The company expects to finance capital spending, the stock repurchase program and working capital requirements with cash and cash equivalents on hand and cash provided by operations. At June 30, 2002, the company had available unused lines of credit with domestic and foreign banks aggregating $12,000, of which $5,000 were short term and $7,000 were long term.
Outlook
The company is beginning to implement a lean manufacturing initiative. The expected benefits anticipated from lean manufacturing include shorter lead times, lower inventory levels and higher inventory turns as the implementation progresses. The reduction in force in the manufacturing area was consistent with this initiative. (See Note C.)
Additionally, the company believes the reduction in force will allow it to maintain investments in areas that will generate future growth, and will partially offset cost increases that are expected to occur over the next 12 months. Some of the cost increases will be for areas that management believes will provide long-term benefit to the companys customers and shareholders. For instance, the company plans to continue to build its Asian operations as management believes there is a great deal of opportunity for growth in that region. Other increases are in areas where management has less control, such as increases in medical, insurance and retirement costs. Managements goal is to keep total costs relatively flat, except those costs which vary by sales volume or earnings, while continuing to invest in key strategic initiatives, so it is reallocating resources accordingly.

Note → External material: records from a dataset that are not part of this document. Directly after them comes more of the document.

(* Let $d_2,d_3\ge 2$, $k\ge 1$ and $d_1=d_2d_3-k\ge 1$, and let $H=\mathbb{C}^{d_1}\otimes\mathbb{C}^{d_2}\otimes\mathbb{C}^{d_3}$. Let $|\Phi\rangle,|\Psi\rangle\in H$ satisfy $\mathrm{rank}(\rho^{A_1}_\Phi)=\mathrm{rank}(\rho^{A_1}_\Psi)=d_1$. Then $|\Phi\rangle$ and $|\Psi\rangle$ are SLOCC equivalent if and only if $\mathcal{T}^{A_1}(\Phi)=\mathcal{T}^{A_1}(\Psi)$.
   Context: The three factors are held by parties $A_1,A_2,A_3$; $\rho^{A_1}_\Phi$ is the reduced density operator of $|\Phi\rangle\langle\Phi|$ on the first factor. Two states in a multipartite space are SLOCC equivalent if one is obtained from the other by applying $L_1\otimes L_2\otimes L_3$ with each $L_i$ an invertible linear operator on the corresponding factor. Definition of $\mathcal{T}^{A_1}$: for $|\Phi\rangle\in H$ with $\mathrm{rank}(\rho^{A_1}_\Phi)=d_1$, write $|\Phi\rangle=\sum_{i=1}^{d_1}|i\rangle^{A_1}|\phi_i\rangle^{A_2A_3}$ for a basis $\{|i\rangle\}$ of $\mathbb{C}^{d_1}$ (so the $|\phi_i\rangle$ are linearly independent and their span has orthogonal complement of dimension $k$ in $\mathbb{C}^{d_2}\otimes\mathbb{C}^{d_3}$). Let $\{|\phi_i^\perp\rangle:1\le i\le k\}$ be any basis of $\mathrm{span}\{|\phi_i\rangle:1\le i\le d_1\}^\perp$. Then $\mathcal{T}^{A_1}(\Phi)$ is the SLOCC equivalence class in $\mathbb{C}^{k}\otimes\mathbb{C}^{d_2}\otimes\mathbb{C}^{d_3}$ of $\sum_{i=1}^k|i\rangle|\phi_i^\perp\rangle$, where $\{|i\rangle:1\le i\le k\}$ is a basis of $\mathbb{C}^k$; this class does not depend on the choices of bases. *)

(* C is modelled by algC (algebraic complex numbers). *)
From HB Require Import structures.
From mathcomp Require Import all_boot all_order all_algebra all_field.
Set Implicit Arguments. Unset Strict Implicit. Unset Printing Implicit Defensive.
Import Order.TTheory GRing.Theory Num.Theory.
Local Open Scope ring_scope.

(* A state in C^{d1} (x) C^{d2} (x) C^{d3}: Phi i is the (d2 x d3) coefficient
   matrix of |phi_i> in |Phi> = sum_i |i>^{A1} |phi_i>^{A2A3}
   (standard basis {|i>} of C^{d1}), i.e. (Phi i) j l = <i j l | Phi>. *)
Definition tensor3 (d1 d2 d3 : nat) := 'I_d1 -> 'M[algC]_(d2, d3).

Definition rhoA1 d1 d2 d3 (Phi : tensor3 d1 d2 d3) : 'M[algC]_d1 :=
  \matrix_(i, i') \sum_(j < d2) \sum_(l < d3) (Phi i j l * (Phi i' j l)^*).

(* SLOCC equivalence: Psi = (L1 (x) L2 (x) L3) Phi with invertible L_i. *)
Definition slocc d1 d2 d3 (Phi Psi : tensor3 d1 d2 d3) : Prop :=
  exists (L1 : 'M[algC]_d1) (L2 : 'M[algC]_d2) (L3 : 'M[algC]_d3),
    [/\ L1 \in unitmx, L2 \in unitmx, L3 \in unitmx &
      forall i : 'I_d1,
        Psi i = \sum_(a < d1) L1 i a *: (L2 *m Phi a *m L3^T)].

Definition flatA1 d1 d2 d3 (Phi : tensor3 d1 d2 d3) : 'M[algC]_(d1, d2 * d3) :=
  \matrix_(i, x) mxvec (Phi i) 0 x.

(* Q (a tensor in C^k (x) C^{d2} (x) C^{d3}) is sum_i |i>|phi_i^perp> for a basis
   {|phi_i^perp>} of span{|phi_i>}^perp (orthogonal complement w.r.t. the Hermitian
   inner product of C^{d2} (x) C^{d3}): its rows are linearly independent and span
   exactly the space of v with <phi_i|v> = 0 for all i. *)
Definition perp_basis_tensor d1 d2 d3 k (Phi : tensor3 d1 d2 d3)
    (Q : tensor3 k d2 d3) : Prop :=
  row_free (flatA1 Q) /\
  (flatA1 Q == kermx (map_mx Num.conj (flatA1 Phi))^T)%MS.

(* T^{A1}(Phi): the SLOCC class (as a predicate on C^k (x) C^{d2} (x) C^{d3})
   of sum_i |i>|phi_i^perp>, for any choice of basis of the complement. *)
Definition TA1 d1 d2 d3 k (Phi : tensor3 d1 d2 d3) : tensor3 k d2 d3 -> Prop :=
  fun X => exists Q : tensor3 k d2 d3, perp_basis_tensor Phi Q /\ slocc Q X.

From HB Require Import structures.
From mathcomp Require Import all_boot all_order all_algebra all_field.
Import Order.TTheory GRing.Theory Num.Theory.
Local Open Scope ring_scope.
Set Implicit Arguments. Unset Strict Implicit.

(* Flatten a tensor Phi of C^n (x) C^d2 (x) C^d3 into the
   n x (d2 d3) matrix flatA1 Phi whose rows are the vectors |phi_i>.  A local
   operator L2 (x) L3 then acts on rows by right multiplication with an
   invertible matrix [sandwich L2 L3], so SLOCC equivalence becomes the
   relation X ~ L1 X (sandwich L2 L3) on flattened matrices.  T^{A1} is built
   from "perp bases": row-free matrices Q whose row space is the orthogonal
   complement [perp A] of the row space of A.  Three facts carry the proof:
   - transport: if A ~ B, a perp basis Q of A is carried to a perp basis
     Q (sandwich M2 M3) ~ Q of B, with M_i the inverse conjugate transpose
     of L_i (the contragredient action);
   - biorthogonality: a row-free A is itself a perp basis of each of its
     perp bases (A^perp^perp = A);
   - two row-free matrices with the same row space are ~ (by an L1 alone).
   Transport gives "SLOCC => same T^{A1}".  Conversely, a perp basis Q of
   Phi lies in T^{A1}(Phi) = T^{A1}(Psi), so Q ~ Q' with Q' a perp basis of
   Psi; by biorthogonality Psi is a perp basis of Q', transporting it along
   Q' ~ Q gives B ~ Psi with the same row space as Phi, whence Phi ~ Psi. *)

Notation conjmx X := (map_mx Num.conj X).

Lemma conjmxK m n (X : 'M[algC]_(m, n)) : conjmx (conjmx X) = X.
Proof. by apply/matrixP=> i j; rewrite !mxE conjCK. Qed.

Lemma sum_mxvec_mul m n (X Y : 'M[algC]_(m, n)) :
  \sum_(x < m * n) mxvec X 0 x * mxvec Y 0 x = \sum_i \sum_j X i j * Y i j.
Proof.
rewrite (reindex (uncurry (@mxvec_index m n))) /=; last first.
  case: (curry_mxvec_bij m n) => g h1 h2.
  by exists g => y _; [apply: h1 | apply: h2].
by rewrite pair_big /=; apply: eq_bigr => -[i j] _ /=; rewrite !mxvecE.
Qed.

Lemma mxvec_pairing m n (X Y : 'M[algC]_(m, n)) :
  mxvec X *m (mxvec Y)^T = (\tr (X *m Y^T))%:M.
Proof.
apply/matrixP=> a b; rewrite !ord1 !mxE /= mulr1n.
under eq_bigr do rewrite mxE.
rewrite sum_mxvec_mul; apply: eq_bigr => i _.
by rewrite mxE; under [RHS]eq_bigr do rewrite mxE.
Qed.

Lemma mxvec_mulmxP m n p (X Y : 'M[algC]_(m * n, p)) :
  (forall M : 'M_(m, n), mxvec M *m X = mxvec M *m Y) -> X = Y.
Proof.
move=> eqXY; apply/row_matrixP=> i.
by rewrite !rowE -(vec_mxK (delta_mx 0 i)); apply: eqXY.
Qed.

Lemma row_pairingP n (u v : 'rV[algC]_n) :
  (forall w : 'rV_n, u *m w^T = v *m w^T) -> u = v.
Proof.
move=> eq_uv; apply/rowP=> j; have := eq_uv (delta_mx 0 j).
by rewrite trmx_delta -!colE => /matrixP/(_ 0 0); rewrite !mxE.
Qed.

(* The matrix of M |-> L2 M L3^T on vectorized matrices, i.e. of L2 (x) L3;
   it is locked so that rewriting with product lemmas does not unfold it. *)
Fact sandwich_key : unit. Proof. exact: tt. Qed.
Definition sandwich m n (L2 : 'M[algC]_m) (L3 : 'M[algC]_n) : 'M[algC]_(m * n) :=
  locked_with sandwich_key (lin_mulmx L2 *m lin_mulmxr L3^T).

Lemma mxvec_sandwich m n L2 L3 (M : 'M[algC]_(m, n)) :
  mxvec M *m sandwich L2 L3 = mxvec (L2 *m M *m L3^T).
Proof. by rewrite /sandwich unlock mulmxA /lin_mulmx /lin_mulmxr !mul_vec_lin. Qed.

Lemma sandwichM m n (a c : 'M[algC]_m) (b e : 'M[algC]_n) :
  sandwich a b *m sandwich c e = sandwich (c *m a) (e *m b).
Proof. by apply: mxvec_mulmxP => M; rewrite mulmxA !mxvec_sandwich trmx_mul !mulmxA. Qed.

Lemma sandwich1 m n : sandwich (1%:M : 'M[algC]_m) (1%:M : 'M[algC]_n) = 1%:M.
Proof. by apply: mxvec_mulmxP => M; rewrite mxvec_sandwich trmx1 mul1mx !mulmx1. Qed.

Lemma sandwich_unit m n (a : 'M[algC]_m) (b : 'M[algC]_n) :
  a \in unitmx -> b \in unitmx -> sandwich a b \in unitmx.
Proof.
move=> ua ub; have := sandwichM a (invmx a) b (invmx b).
by rewrite !mulVmx // sandwich1 => /mulmx1_unit [].
Qed.

Lemma sandwich_adjoint m n (a : 'M[algC]_m) (b : 'M[algC]_n) :
  (conjmx (sandwich a b))^T = sandwich (conjmx a)^T (conjmx b)^T.
Proof.
apply: mxvec_mulmxP => M; apply: row_pairingP => w.
rewrite -(vec_mxK w); set N := vec_mx w.
rewrite mxvec_sandwich -mulmxA -trmx_mul.
have -> : mxvec N *m conjmx (sandwich a b) = mxvec (conjmx a *m N *m (conjmx b)^T).
  rewrite -[mxvec N]conjmxK map_mxvec -map_mxM mxvec_sandwich.
  by rewrite map_mxvec !map_mxM conjmxK map_trmx.
rewrite !mxvec_pairing; congr (_%:M).
by rewrite !trmx_mul !trmxK !mulmxA mxtrace_mulC !mulmxA.
Qed.

Definition unflat n d2 d3 (M : 'M[algC]_(n, d2 * d3)) : tensor3 n d2 d3 :=
  fun i => vec_mx (row i M).

Lemma flat_unflat n d2 d3 (M : 'M[algC]_(n, d2 * d3)) : flatA1 (unflat M) = M.
Proof. by apply/matrixP=> i x; rewrite !mxE vec_mxK mxE. Qed.

Lemma row_flatA1 n d2 d3 (X : tensor3 n d2 d3) i : row i (flatA1 X) = mxvec (X i).
Proof. by apply/rowP=> x; rewrite !mxE. Qed.

Definition flat_slocc n d2 d3 (X Y : 'M[algC]_(n, d2 * d3)) : Prop :=
  exists (L1 : 'M[algC]_n) (L2 : 'M[algC]_d2) (L3 : 'M[algC]_d3),
    [/\ L1 \in unitmx, L2 \in unitmx, L3 \in unitmx & Y = L1 *m X *m sandwich L2 L3].

Lemma sloccE n d2 d3 (X Y : tensor3 n d2 d3) :
  slocc X Y <-> flat_slocc (flatA1 X) (flatA1 Y).
Proof.
have row_action L1 L2 L3 i : row i (L1 *m flatA1 X *m sandwich L2 L3) =
    mxvec (\sum_(a < n) L1 i a *: (L2 *m X a *m L3^T)).
  rewrite !row_mul (mulmx_sum_row (row i L1)) mulmx_suml raddf_sum.
  apply: eq_bigr => a _; rewrite -scalemxAl row_flatA1 mxvec_sandwich mxE.
  by rewrite /= (mxvec_is_scalable (L1 i a)).
split=> -[L1 [L2 [L3 [u1 u2 u3 eqY]]]]; exists L1, L2, L3; split=> //.
  by apply/row_matrixP=> i; rewrite row_action row_flatA1 eqY.
by move=> i; apply: (can_inj mxvecK); rewrite -row_action -row_flatA1 eqY.
Qed.

Lemma flat_slocc_refl n d2 d3 (X : 'M[algC]_(n, d2 * d3)) : flat_slocc X X.
Proof.
exists 1%:M, 1%:M, 1%:M; split; rewrite ?unitmx1 //.
by rewrite sandwich1 mul1mx mulmx1.
Qed.

Lemma flat_slocc_sym n d2 d3 (X Y : 'M[algC]_(n, d2 * d3)) :
  flat_slocc X Y -> flat_slocc Y X.
Proof.
move=> [L1 [L2 [L3 [u1 u2 u3 ->]]]].
exists (invmx L1), (invmx L2), (invmx L3); split; rewrite ?unitmx_inv //.
by rewrite -mulmxA -(mulmxA (L1 *m X)) sandwichM !mulVmx // sandwich1 mulmx1 mulKmx.
Qed.

Lemma flat_slocc_trans n d2 d3 (X Y Z : 'M[algC]_(n, d2 * d3)) :
  flat_slocc X Y -> flat_slocc Y Z -> flat_slocc X Z.
Proof.
move=> [L1 [L2 [L3 [u1 u2 u3 ->]]]] [M1 [M2 [M3 [v1 v2 v3 ->]]]].
exists (M1 *m L1), (M2 *m L2), (M3 *m L3).
by split; rewrite ?unitmx_mul ?u1 ?u2 ?u3 ?v1 ?v2 ?v3 // -sandwichM !mulmxA.
Qed.

Lemma flat_slocc_of_submx n d2 d3 (X Y : 'M[algC]_(n, d2 * d3)) :
  row_free Y -> (Y <= X)%MS -> flat_slocc X Y.
Proof.
move=> freeY sYX; set L := Y *m pinvmx X.
have eqY : Y = L *m X by rewrite mulmxKpV.
exists L, 1%:M, 1%:M; split; rewrite ?unitmx1 ?sandwich1 ?mulmx1 //.
rewrite -row_full_unit /row_full eqn_leq rank_leq_row /=.
by move/eqP: freeY => {1}<-; rewrite {1}eqY; apply: mxrankM_maxl.
Qed.

Definition perp n d (A : 'M[algC]_(n, d)) := kermx (conjmx A)^T.
Definition perp_basis n m d (A : 'M[algC]_(n, d)) (Q : 'M[algC]_(m, d)) :=
  row_free Q /\ (Q == perp A)%MS.

Lemma rank_perp n d (A : 'M[algC]_(n, d)) : \rank (perp A) = (d - \rank A)%N.
Proof. by rewrite /perp mxrank_ker mxrank_tr mxrank_map. Qed.

Lemma perp_basis_exists n d k (A : 'M[algC]_(n, d)) :
  \rank (perp A) = k -> exists Q : 'M[algC]_(k, d), perp_basis A Q.
Proof.
move=> rk; exists (castmx (rk, erefl) (row_base (perp A))); split.
  by rewrite row_free_castmx row_base_free.
by apply/eqmxP; apply: eqmx_trans (eqmx_cast _ _) (eq_row_base _).
Qed.

Lemma perp_basis_by_rank n m d (B : 'M[algC]_(n, d)) (Q' : 'M[algC]_(m, d)) :
  row_free Q' -> (Q' <= perp B)%MS -> \rank Q' = \rank (perp B) -> perp_basis B Q'.
Proof.
move=> freeQ' sQ' rkQ'; split=> //.
by rewrite -(mxrank_leqif_eq sQ').2 eqn_leq (mxrank_leqif_eq sQ').1 rkQ' /=.
Qed.

(* Transport: SLOCC maps perp bases to perp bases, via the contragredient
   action on the second and third factors. *)
Lemma perp_basis_transport n m d2 d3 (A B : 'M[algC]_(n, d2 * d3))
    (Q : 'M[algC]_(m, d2 * d3)) :
  flat_slocc A B -> perp_basis A Q -> exists Q', flat_slocc Q Q' /\ perp_basis B Q'.
Proof.
move=> [L1 [L2 [L3 [u1 u2 u3 ->]]]] [freeQ /eqmxP eqQ].
set N2 := (conjmx L2)^T; set N3 := (conjmx L3)^T.
have uN2 : N2 \in unitmx by rewrite unitmx_tr map_unitmx.
have uN3 : N3 \in unitmx by rewrite unitmx_tr map_unitmx.
have uS : sandwich (invmx N2) (invmx N3) \in unitmx.
  by apply: sandwich_unit; rewrite unitmx_inv.
exists (Q *m sandwich (invmx N2) (invmx N3)); split.
  exists 1%:M, (invmx N2), (invmx N3).
  by split; rewrite ?unitmx1 ?unitmx_inv ?mul1mx.
have rkQ' : \rank (Q *m sandwich (invmx N2) (invmx N3)) = \rank Q.
  by rewrite mxrankMfree // row_free_unit.
apply: perp_basis_by_rank; first by rewrite /row_free rkQ'.
- rewrite /perp sub_kermx !map_mxM !trmx_mul sandwich_adjoint !mulmxA -/N2 -/N3.
  rewrite -(mulmxA Q) sandwichM !mulmxV // sandwich1 mulmx1.
  have : (Q <= perp A)%MS by rewrite eqQ.
  by rewrite /perp sub_kermx => /eqP ->; rewrite mul0mx.
- rewrite rkQ' eqQ !rank_perp mxrankMfree ?row_free_unit ?sandwich_unit //.
  by rewrite (eqmxMfull _ (_ : row_full L1)) // row_full_unit.
Qed.

Lemma perp_basis_sym n m d (A : 'M[algC]_(n, d)) (Q : 'M[algC]_(m, d)) :
  row_free A -> perp_basis A Q -> perp_basis Q A.
Proof.
move=> freeA [freeQ /eqmxP eqQ]; apply: perp_basis_by_rank => //.
- have : (Q <= perp A)%MS by rewrite eqQ.
  rewrite /perp !sub_kermx => /eqP QA0.
  have -> : A *m (conjmx Q)^T = conjmx ((Q *m (conjmx A)^T)^T).
    by rewrite trmx_mul trmxK map_mxM map_trmx conjmxK.
  by rewrite QA0 trmx0 map_mx0.
- by rewrite rank_perp eqQ rank_perp subKn ?rank_leq_col // (eqP freeA).
Qed.

Lemma rhoA1_flat d1 d2 d3 (Phi : tensor3 d1 d2 d3) :
  rhoA1 Phi = flatA1 Phi *m (conjmx (flatA1 Phi))^T.
Proof.
apply/matrixP=> i i'; rewrite !mxE.
rewrite (eq_bigr (fun x => mxvec (Phi i) 0 x * mxvec (conjmx (Phi i')) 0 x)).
  by rewrite sum_mxvec_mul; apply: eq_bigr => j _; apply: eq_bigr => l _; rewrite mxE.
by move=> x _; rewrite !mxE -map_mxvec mxE.
Qed.

Lemma row_free_rhoA1 d1 d2 d3 (Phi : tensor3 d1 d2 d3) :
  \rank (rhoA1 Phi) = d1 -> row_free (flatA1 Phi).
Proof.
move=> rk; rewrite /row_free eqn_leq rank_leq_row /=.
by rewrite -{1}rk rhoA1_flat mxrankM_maxl.
Qed.

Lemma TA1_perp_basis d1 d2 d3 k (Phi : tensor3 d1 d2 d3) (Q : 'M[algC]_(k, d2 * d3)) :
  perp_basis (flatA1 Phi) Q -> TA1 Phi (unflat Q).
Proof.
move=> pQ; exists (unflat Q); split; first by rewrite /perp_basis_tensor flat_unflat.
by apply/sloccE; apply: flat_slocc_refl.
Qed.

Lemma TA1_slocc d1 d2 d3 k (Phi Psi : tensor3 d1 d2 d3) (X : tensor3 k d2 d3) :
  slocc Phi Psi -> TA1 Phi X -> TA1 Psi X.
Proof.
move=> /sloccE sPP [Q [pQ /sloccE sQX]].
have [Q' [sQQ' pQ']] := perp_basis_transport sPP pQ.
exists (unflat Q'); split; first by rewrite /perp_basis_tensor flat_unflat.
by apply/sloccE; rewrite flat_unflat; apply: flat_slocc_trans (flat_slocc_sym sQQ') sQX.
Qed.

Unset Implicit Arguments.

Theorem mainTheorem9 (d1 d2 d3 k : nat)
    (hd2 : (2 <= d2)%N) (hd3 : (2 <= d3)%N) (hk : (1 <= k)%N)
    (hd1 : d1 = (d2 * d3 - k)%N) (hd1pos : (1 <= d1)%N)
    (Phi Psi : tensor3 d1 d2 d3)
    (hPhi : \rank (rhoA1 Phi) = d1) (hPsi : \rank (rhoA1 Psi) = d1) :
  slocc Phi Psi <-> (forall X : tensor3 k d2 d3, TA1 Phi X <-> TA1 Psi X).
Proof.
split=> [sPP X | sameT].
  by split; apply: TA1_slocc => //; apply/sloccE/flat_slocc_sym/sloccE.
have freePhi := row_free_rhoA1 hPhi; have freePsi := row_free_rhoA1 hPsi.
have rk_perp : \rank (perp (flatA1 Phi)) = k.
  rewrite rank_perp (eqP freePhi) hd1 subKn //.
  have : (0 < d2 * d3 - k)%N by rewrite -hd1.
  by rewrite subn_gt0 => /ltnW.
have [Q pQ] := perp_basis_exists rk_perp.
(* Q lies in T^{A1}(Psi): it is SLOCC equivalent to a perp basis Q' of Psi. *)
have [Q' [pQ' /sloccE]] := (sameT (unflat Q)).1 (TA1_perp_basis pQ).
rewrite flat_unflat => sQ'Q.
(* Transport Psi, a perp basis of Q', to B ~ Psi, a perp basis of Q. *)
have [B [sPsiB [_ /eqmxP eqB]]] :=
  perp_basis_transport sQ'Q (perp_basis_sym freePsi pQ').
have [_ /eqmxP eqPhi] := perp_basis_sym freePhi pQ.
apply/sloccE/flat_slocc_sym; apply: flat_slocc_trans sPsiB _.
by apply: flat_slocc_of_submx => //; rewrite eqPhi -eqB.
Qed.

As of the date of this filing, the company confirms that it remains comfortable with the guidance it provided in its July 18, 2002 press release with regard to sales and pretax return on sales for the fourth quarter of fiscal 2002. The guidance was as follows: Based on current order activity and orders in backlog, the company expects net sales for the fourth quarter to range between $26,000 and $28,000. Given this level of sales, the company expects break-even results at the lower end of the sales range, and pretax earnings as a percentage of sales in the low single-digits at the higher end of the range.
Additionally, on July 22, 2002, the company began to repurchase shares under its stock repurchase program. The purpose of the repurchase program is to offset the dilutive effect of stock option and stock purchase plans. (See Note E.)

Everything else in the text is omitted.